Muchas/muchos de las/los Supervivientes de Familias Disfuncionales fueron víctimas de los abusos de su familia de origen durante años en la infancia y como adultos siguen repitiendo esta postura frente a los demás de forma inconsciente. ¿Te ves reconocida/reconocida en esta descripción? 

Creencia y Actitud

“Me siento seguro/segura y bien conmigo misma/mismo cuando soy sumiso/sumisa y hago lo que me dicen los demás”

Lo que Piensan las Víctimas de Sí Mismas

  • Las personas que han adoptan el rol de víctimas generalmente creen que están intrínsecamente dañadas, que son defectuosas e incapaces de lidiar con la vida. Proyectan una actitud de ser débil, frágil o carente de inteligencia. Su actitud puede resumirse así: “No puedo hacerlo solo/sola”. Su mayor temor es tener que lidiar con la vida por sí mismas/mismos, en lugar de depender de la ayuda de otros/otras para cuidarlas. Están convencidas de que son personas inadecuadas, frágiles, impotentes o defectuosas que necesitan que otros/otras los/las rescaten. Se niegan a sí mismas que tienen el poder y el potencial para resolver sus propios problemas. Esperan que los demás se ocupen de ellos. La ironía es que la mayoría de las personas que desempeñan el papel de víctimas terminan resintiendo a las personas que intentan ayudarlas. La persona que la “arregla” o “rescata” le recuerda a la víctima su sentido de inutilidad e inadecuación.
  • Al final, las personas que desempeñan el papel de víctimas en la vida se cansan de ser tratadas “menos que”. Lo que sucede entonces es que comienzan a encontrar formas de sentirse iguales mediante alguna forma de “vengarse”, lo que generalmente significa encontrar fallos en los esfuerzos de quienes intentan ayudarlos. Un escenario típico puede ser que un(a) rescatador(a) haya ofrecido ayudar a una víctima, pero la víctima rechaza cualquier solución que el/la rescatador(a) le ofrezca como inadecuada o impracticable. Comentarios como “sí, pero eso no funcionará porque …” o “tu sugerencia podría ayudar a otros, pero en realidad no comprende mi problema”. La víctima está decidida a demostrar que su problema es irresoluble, invalidando con ello al/la rescatador(a), haciéndole sentirse tan impotente como se sienten ellos/ellas.
  • Convencidas de su incompetencia intrínseca, las personas que han adoptado el papel de víctimas en la vida a menudo recurren a algún tipo de adicción para sentirse adecuadas y sentirse bien consigo mismas. Las drogas, el alcohol, la comida, el juego o las compras son algunas de las adicciones a las que recurren las víctimas como medio de escape y para lidiar con la vida. 

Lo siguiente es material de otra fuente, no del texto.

(* If $G$ is a graph on $n$ vertices with minimum degree $\delta(G)\ge 2$, then $\gamma_{\rm tg}(G)\le \frac{3}{4}n$.
   Context: For a graph $G$ without isolated vertices, a vertex $x$ totally dominates a vertex $y$ if $x$ and $y$ are adjacent. The total domination game on $G$ is played by two players, Dominator and Staller, who alternately choose vertices of $G$, Dominator choosing first. A vertex may be chosen only if it totally dominates at least one vertex that is not totally dominated by the previously chosen vertices. The game ends when the set of chosen vertices is a total dominating set of $G$, i.e. every vertex of $G$ has a neighbor among the chosen vertices. Dominator wants to minimize the number of chosen vertices and Staller wants to maximize it. The game total domination number $\gamma_{\rm tg}(G)$ is the number of vertices chosen when Dominator starts and both players play optimally. *)

From mathcomp Require Import all_boot.
Set Implicit Arguments. Unset Strict Implicit. Unset Printing Implicit Defensive.

Definition simple_graph (T : finType) (e : rel T) : Prop :=
  symmetric e /\ irreflexive e.

Definition nbhd (T : finType) (e : rel T) (v : T) : {set T} := [set u | e v u].

Definition min_deg_ge (T : finType) (e : rel T) (k : nat) : Prop :=
  forall v : T, k <= #|nbhd e v|.

(* v is a legal move when D is the set of already totally dominated
   vertices: v totally dominates some vertex not yet in D. *)
Definition legal (T : finType) (e : rel T) (D : {set T}) (v : T) : bool :=
  ~~ (nbhd e v \subset D).

(* Number of further moves in the total domination game under optimal play,
   from the position where D is the set of totally dominated vertices and
   it is Dominator's turn iff [dom] is true. Only D matters for the rest of
   the game (the legality condition and the end condition depend only on D).
   [fuel] bounds the number of moves; every legal move enlarges D, so
   fuel = #|T|.+1 is always sufficient. *)
Fixpoint tgame (T : finType) (e : rel T) (fuel : nat) (D : {set T}) (dom : bool)
  : nat :=
  if D == [set: T] then 0 else
  match fuel with
  | 0 => 0
  | f.+1 =>
    if dom then
      (\big[minn/#|T|.+1]_(v | legal e D v) tgame e f (D :|: nbhd e v) false).+1
    else
      (\max_(v | legal e D v) tgame e f (D :|: nbhd e v) true).+1
  end.

Definition game_total_domination_number (T : finType) (e : rel T) : nat :=
  tgame e #|T|.+1 set0 true.

From mathcomp Require Import all_boot zify.
Set Implicit Arguments. Unset Strict Implicit. Unset Printing Implicit Defensive.

(* Give every undominated vertex weight 2 and every legal vertex weight 1;
   initially this potential is 3n.  A move v dominating k >= 1 new vertices
   lowers it by 2k plus one for each vertex it makes illegal, v included.
   If some vertex has at least two undominated neighbours, Dominator plays it
   and gains at least 5.  Otherwise every vertex has at most one undominated
   neighbour, and any move v dominating u also makes illegal a second neighbour
   w of u (it exists since deg u >= 2), a gain of at least 4.  So 4 times the
   number of remaining moves is bounded by the potential on Dominator's turn,
   and by the potential plus one bonus unit (paid when some vertex still has
   two undominated neighbours) on Staller's turn. *)

Lemma card_setCU (T : finType) (D N : {set T}) :
  #|~: D| = #|~: (D :|: N)| + #|N :\: D|.
Proof.
have -> : N :\: D = ~: D :&: N by apply/setP=> x; rewrite !inE andbC.
have -> : ~: (D :|: N) = ~: D :\: N by apply/setP=> x; rewrite !inE negb_or andbC.
by rewrite addnC cardsID.
Qed.

Lemma bigmin_leq_cond (I : finType) (P : pred I) (F : I -> nat) K i0 :
  P i0 -> \big[minn/K]_(i | P i) F i <= F i0.
Proof.
move=> Pi0; have : i0 \in index_enum I by rewrite mem_index_enum.
elim: (index_enum I) => [//|i r IHr]; rewrite inE big_cons.
case/orP=> [/eqP <-|/IHr le_r]; first by rewrite Pi0 geq_minl.
by case: (P i) => //; apply: leq_trans (geq_minr _ _) le_r.
Qed.

Section TotalDominationPotential.

Variables (T : finType) (e : rel T).
Implicit Types (D N S : {set T}) (v : T).

Definition rdeg (D : {set T}) (v : T) : nat := #|nbhd e v :\: D|.

Definition legal_set (D : {set T}) : {set T} := [set v | legal e D v].

Definition potential (D : {set T}) : nat := 2 * #|~: D| + #|legal_set D|.

Definition has_rdeg_gt1 (D : {set T}) : bool := [exists v, 1 < rdeg D v].

Lemma legalE D v : legal e D v = (0 < rdeg D v).
Proof. by rewrite /legal card_gt0 setD_eq0. Qed.

Lemma legal_subset D D' v : D \subset D' -> legal e D' v -> legal e D v.
Proof. by move=> sDD'; apply: contra => /subset_trans; apply. Qed.

Lemma legal_setU_nbhd D v : ~~ legal e (D :|: nbhd e v) v.
Proof. by rewrite /legal negbK subsetUr. Qed.

Lemma has_rdeg_gt1_setU D N : ~~ has_rdeg_gt1 D -> ~~ has_rdeg_gt1 (D :|: N).
Proof.
rewrite /has_rdeg_gt1 !negb_exists => /forallP le1; apply/forallP=> x.
rewrite -leqNgt; apply: leq_trans (_ : _ <= rdeg D x) _.
  exact/subset_leq_card/setDS/subsetUl.
by rewrite leqNgt le1.
Qed.

Lemma potential_drop D N (S : {set T}) :
  S \subset legal_set D -> {in S, forall x, ~~ legal e (D :|: N) x} ->
  potential (D :|: N) + 2 * #|N :\: D| + #|S| <= potential D.
Proof.
move=> sSL illS; rewrite /potential (card_setCU D N).
suff : #|legal_set (D :|: N)| + #|S| <= #|legal_set D| by lia.
rewrite -(cardsID S (legal_set D)) (setIidPr sSL) addnC leq_add2l.
apply/subset_leq_card/subsetP=> x; rewrite !inE => legx.
rewrite (legal_subset (subsetUl D N) legx) andbT.
by apply: contraL legx => /illS.
Qed.

Lemma potential_drop_move D v :
  legal e D v -> potential (D :|: nbhd e v) + 2 * rdeg D v + 1 <= potential D.
Proof.
move=> legv; have := @potential_drop D (nbhd e v) [set v]; rewrite cards1; apply.
  by rewrite sub1set inE.
by move=> x /set1P ->; apply: legal_setU_nbhd.
Qed.

Hypothesis e_sym : symmetric e.

Lemma legal_exists D : min_deg_ge e 1 -> D != setT -> exists v, legal e D v.
Proof.
move=> deg1; rewrite -subTset => /subsetPn [u _ uD].
have /card_gt0P [w] : 0 < #|nbhd e u| by apply: deg1.
rewrite inE => euw; exists w; rewrite legalE card_gt0.
by apply/set0Pn; exists u; rewrite !inE uD e_sym.
Qed.

Hypothesis mindeg2 : min_deg_ge e 2.

Let mindeg1 : min_deg_ge e 1. Proof. by move=> x; apply: ltnW. Qed.

Lemma potential_drop_rdeg_le1 D v :
  ~~ has_rdeg_gt1 D -> legal e D v -> potential (D :|: nbhd e v) + 4 <= potential D.
Proof.
rewrite /has_rdeg_gt1 negb_exists => /forallP rdeg_le1 legv.
have {}rdeg_le1 x : rdeg D x <= 1 by rewrite leqNgt rdeg_le1.
have rdeg_v : 0 < rdeg D v by rewrite -legalE.
have /card_gt0P [u] := rdeg_v.
rewrite !inE => /andP [uD evu].
have /card_gt0P [w] : 0 < #|nbhd e u :\ v|.
  by have := mindeg2 u; rewrite (cardsD1 v); case: (v \in _) => /=; lia.
rewrite !inE => /andP [wv euw].
have uNw : u \in nbhd e w :\: D by rewrite !inE uD e_sym.
have legw : legal e D w by rewrite legalE card_gt0; apply/set0Pn; exists u.
(* u is the only undominated neighbour of w, and v dominates it. *)
have illw : ~~ legal e (D :|: nbhd e v) w.
  rewrite /legal negbK; apply/subsetP=> x xNw; rewrite inE.
  case xD: (x \in D) => //=.
  have xNwD : x \in nbhd e w :\: D by rewrite inE xD xNw.
  have := card_le1P (rdeg_le1 w) x xNwD u.
  by rewrite uNw inE => /esym/eqP <-; rewrite inE.
suff : potential (D :|: nbhd e v) + 2 * rdeg D v + 2 <= potential D by lia.
have := @potential_drop D (nbhd e v) [set v; w]; rewrite cards2 eq_sym wv; apply.
  by apply/subsetP=> x /set2P [] ->; rewrite inE.
by move=> x /set2P [] ->; rewrite ?legal_setU_nbhd.
Qed.

Lemma dominator_move D : D != setT -> exists2 v, legal e D v &
  potential (D :|: nbhd e v) + has_rdeg_gt1 (D :|: nbhd e v) + 4 <= potential D.
Proof.
move=> DT; case flagD: (has_rdeg_gt1 D).
  case/existsP: flagD => v rdeg_v; have legv : legal e D v by rewrite legalE; lia.
  by exists v => //; have := potential_drop_move legv; case: has_rdeg_gt1; lia.
have [v legv] := legal_exists mindeg1 DT.
exists v => //; have := potential_drop_rdeg_le1 (negbT flagD) legv.
by rewrite (negbTE (has_rdeg_gt1_setU _ (negbT flagD))); lia.
Qed.

Lemma staller_move D v : legal e D v ->
  potential (D :|: nbhd e v) + 4 <= potential D + has_rdeg_gt1 D.
Proof.
move=> legv; case flagD: (has_rdeg_gt1 D).
  by have := potential_drop_move legv; rewrite legalE in legv; lia.
by have := potential_drop_rdeg_le1 (negbT flagD) legv; lia.
Qed.

Lemma tgame_potential fuel D :
  4 * tgame e fuel D true <= potential D /\
  4 * tgame e fuel D false <= potential D + has_rdeg_gt1 D.
Proof.
elim: fuel D => [|fuel IH] D /=; first by case: ifP.
case: ifP => [_ //| /negbT DT]; split.
- have [v legv drop] := dominator_move DT.
  set m := \big[minn/_]_(u | _) _.
  have le_min : m <= tgame e fuel (D :|: nbhd e v) false by apply: bigmin_leq_cond.
  have [_ IHv] := IH (D :|: nbhd e v); lia.
- have [v0 legv0] := legal_exists mindeg1 DT.
  have legal_gt0 : 0 < #|legal e D| by apply/card_gt0P; exists v0.
  have [v legv ->] := eq_bigmax_cond (fun v => tgame e fuel (D :|: nbhd e v) true)
    legal_gt0.
  have [IHv _] := IH (D :|: nbhd e v); have := staller_move legv; lia.
Qed.

Lemma potential_set0 : potential set0 = 3 * #|T|.
Proof.
rewrite /potential setC0 cardsT.
suff -> : legal_set set0 = setT by rewrite cardsT; lia.
by apply/setP=> v; rewrite !inE legalE /rdeg setD0; exact: mindeg1.
Qed.

End TotalDominationPotential.

Theorem corollary3 (T : finType) (e : rel T) :
  simple_graph e -> min_deg_ge e 2 ->
  4 * game_total_domination_number e <= 3 * #|T|.
Proof.
move=> [e_sym _] mindeg2.
have [bound _] := tgame_potential e_sym mindeg2 #|T|.+1 set0.
by rewrite -(potential_set0 mindeg2).
Qed.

Características de las Víctimas

  • Tienen baja autoestima y una sensación de ser indignos/indignas y “menos que” los demás.
  • Creen que si son sumisos/sumisas, serán bien tratados/tratadas y escaparán de los abusos.
  • Creen que las necesidades y deseos de otras personas tienen prioridad sobre los suyos propios.
  • Tienen la actitud de que la vida es “un valle de lágrimas”, algo que se debe sufrir y soportar.
  • No se dan cuenta de que tienen el poder de elegir asumir la responsabilidad de una vida de mejor calidad.
  • Se mueven entre la lástima a sí mismos/mismas y el comportamiento pasivo- agresivo. Culpan a los demás de su estado de ánimo y su calidad de vida.
  • No saben cómo hacerse responsables de sus propios sentimientos, pensamientos y acciones.
  • Son Incapaces de defenderse a sí mismos/mismas y evitan los conflictos siendo complacientes.
  • Hacen frente a las amenazas cediendo, para sentirse seguros/seguras y no puede ser asertivos/asertivas cuando otros/otras actúan de manera inapropiada.
  • Pueden ser demasiado sensibles, difusos/difusas e incapaces de tomar decisiones y mantenerlas.
  • Tienen mucha ansiedad, miedo y vergüenza, y se mueven en la vida desde esas emociones.
  • Se sienten atrapados/atrapadas en sus propias vidas e insatisfechos/insatisfechas con todo.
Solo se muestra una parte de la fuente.